Ma la parte migliore è che, con tutto questo disastro dentro, la gente mi dice:
“Angela, sei una forza della natura.”
Certo. Una natura devastata, tipo post-eruzione del Vesuvio, ma grazie del pensiero.

E allora mi chiedo, sul serio:
Se mi rompo, chi mi rimonta?
C’è un tutorial su YouTube?
Tipo: “Come riparare una donna che ha mangiato troppi silenzi e pochi abbracci”?
Lo cerco, non c’è.
C’è solo un video di un tizio russo che aggiusta un ferro da stiro con la vodka. E sinceramente, lo invidio.

Poi, però, ecco che succede.

Mi rompo.

Non in modo poetico.
No. Io mi rompo come si rompe la plastica cinese del porta-sapone dell’Eurospin:
di botto, con un rumore ridicolo e pezzi ovunque.
Una scarpa sotto il letto, un pezzo di dignità sul tappeto, un briciolo di pazienza nel forno a microonde.

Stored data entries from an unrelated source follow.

Lemma omega3_formE s : size s = 3%N -> omega3_form gam Psi s = omega_coef s.
Proof.
case: s => [|x [|y [|z [|? ?]]]] // _.
rewrite /omega3_form /omega3 /= !vact_basis /omega_coef /sdot /gprod.
rewrite !big_cons big_nil mulr1 -expect_tr /expect !trmx_mul !mulmxE.
by rewrite !mulrA.
Qed.

Lemma omega_coef_nuniq s : size s = 3%N -> ~~ uniq s -> omega_coef s = 0.
Proof.
case: s => [|x [|y [|z [|? ?]]]] // _ nu.
rewrite /omega_coef /gprod !big_cons big_nil mulr1.
have [<-|xy] := eqVneq x y.
  by rewrite mulrA gam_sq mulN1r expectN expect_gam !oppr0.
have [<-|yz] := eqVneq y z; first by rewrite gam_sq mulrN1 expectN expect_gam !oppr0.
have [<-|xz] := eqVneq x z.
  rewrite (gam_anticomm_neq (i := y) (j := x)) 1?eq_sym // mulrN mulrA gam_sq.
  by rewrite mulN1r opprK expect_gam oppr0.
by move: nu; rewrite /= !inE (negPf xy) (negPf xz) (negPf yz).
Qed.

Definition proj_psi : 'M[R]_8 := Psi *m Psi^T.

Definition gam_psi : 'M[R]_(8, 7) := \matrix_(r, i) (gam i *m Psi) r 0.

Lemma frame_orthonormal : (row_mx Psi gam_psi)^T *m row_mx Psi gam_psi = 1%:M.
Proof.
have PP : Psi^T *m Psi = 1%:M.
  apply/matrixP => i j; rewrite [i]ord1 [j]ord1 [RHS]mxE eqxx mulr1n.
  exact: Psi_unit.
have PB : Psi^T *m gam_psi = 0.
  apply/matrixP => a i; rewrite [a]ord1 !mxE -[RHS](expect_gam i) /expect -mulmxA mxE.
  by apply: eq_bigr => r _; rewrite !mxE.
have BB : gam_psi^T *m gam_psi = 1%:M.
  apply/matrixP => i j.
  have -> : (gam_psi^T *m gam_psi) i j = expect ((gam i)^T * gam j).
    rewrite /expect -mulmxE !mulmxA -(mulmxA _ _ Psi) -trmx_mul !mxE.
    by apply: eq_bigr => r _; rewrite !mxE.
  rewrite gam_skew mulNr expectN !mxE.
  case: eqP => [->|/eqP ij]; first by rewrite gam_sq expectN opprK expect1.
  by rewrite expect_gam2 // oppr0.
rewrite tr_row_mx mul_col_row PP PB BB -[gam_psi^T *m Psi]trmxK trmx_mul trmxK PB.
by rewrite trmx0 -scalar_mx_block.
Qed.

Definition conj_sum (M : 'M[R]_8) := \sum_(i < 7) gam i *m M *m (gam i)^T.

Lemma conj_sumB A B : conj_sum (A - B) = conj_sum A - conj_sum B.
Proof. by rewrite /conj_sum -sumrB; apply: eq_bigr => i _; rewrite mulmxBr mulmxBl. Qed.

Lemma conj_sum1 : conj_sum 1%:M = 1%:M *+ 7.
Proof.
rewrite /conj_sum (eq_bigr (fun _ => 1%:M)) ?sumr_const ?card_ord // => i _.
by rewrite mulmx1 gam_skew mulmxN mulmxE gam_sq opprK.
Qed.

Lemma conj_sum_proj : conj_sum proj_psi = 1%:M - proj_psi.
Proof.
have := mulmx1C frame_orthonormal; rewrite tr_row_mx mul_row_col => <-.
rewrite [_ + gam_psi *m _]addrC addrK.
apply/matrixP => r s; rewrite summxE mxE; apply: eq_bigr => i _.
by rewrite /proj_psi mulmxA -mulmxA -trmx_mul !mxE big_ord1 !mxE.
Qed.

Definition pair_sum (M : 'M[R]_8) := \sum_(s <- incr 2) gp s *m M *m (gp s)^T.

Lemma conj_sum2 M : conj_sum (conj_sum M) = M *+ 7 + pair_sum M *+ 2.
Proof.
have -> : conj_sum (conj_sum M) = \sum_(s <- seqs 7 2) gp s *m M *m (gp s)^T.
  rewrite /conj_sum big_seqsS; apply: eq_bigr => x _.
  rewrite mulmx_sumr mulmx_suml big_seqsS.
  apply: eq_bigr => y _; rewrite big_seq1 !gprod_cons /gprod big_nil mulr1 trmxM.
  by rewrite -!mulmxE !mulmxA.
rewrite -(perm_big _ (permEl (perm_filterC uniq _))) big_cat [RHS]addrC.
congr (_ + _).
  rewrite (eq_big_seq (fun s => gp (isort s) *m M *m (gp (isort s))^T)) => [|s].
    rewrite -(big_map (@isort 7) xpredT (fun s => gp s *m M *m (gp s)^T)).
    by rewrite (perm_big _ perm_isort_seqs2) big_cat mulr2n.
  by rewrite mem_filter => /andP[us _]; apply: gprod_conj_isort.
rewrite nuniq_seqs2 big_map (eq_bigr (fun _ => M)) => [|x _].
  by rewrite big_const_seq iter_addr_0 count_predT ord_list_enum size_enum_ord.
rewrite gprod_cons /gprod big_seq1 trmxM gam_skew mulrNN gam_sq.
by rewrite !mulmxE mulN1r mulrN1 opprK.
Qed.

Lemma pair_sum_proj : pair_sum proj_psi = (1%:M - proj_psi) *+ 3.
Proof.
have := conj_sum2 proj_psi; rewrite conj_sum_proj conj_sumB conj_sum1 conj_sum_proj.
move=> h; apply: (@mxmulrnI _ _ _ 1); apply/matrixP => i j.
move/matrixP: h => /(_ i j); rewrite !(mulmxnE, mxE) => h.
lra.
Qed.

E in quel momento lì — mentre sto raccogliendo i pezzi con la grazia di una gallina zoppa — realizzo una verità cosmica:

Io mi rompo apposta.

Sì. Proprio così.
Mi rompo per protesta.
Perché rompersi è l’unico modo che ho per non esplodere in mille convenzioni sociali.
Mi smonto per rimettere a posto le parti, magari stavolta lasciando fuori la parte che cerca approvazione da chi manco sa accendere la lavatrice.

E poi… rido.

Rido come una pazza.
Perché il vero miracolo è che, alla fine, cammino lo stesso.
Con il ginocchio che fa click, l’anima che cigola, ma pure una camminata fiera da donna che ha visto cose — e ha pure preso appunti.

E quando mi chiedono:
“Ma come fai ad andare avanti?”

Rispondo sempre uguale:
Con lo scotch, il mascara e il potere terapeutico delle caramelle gommose e frizzanti.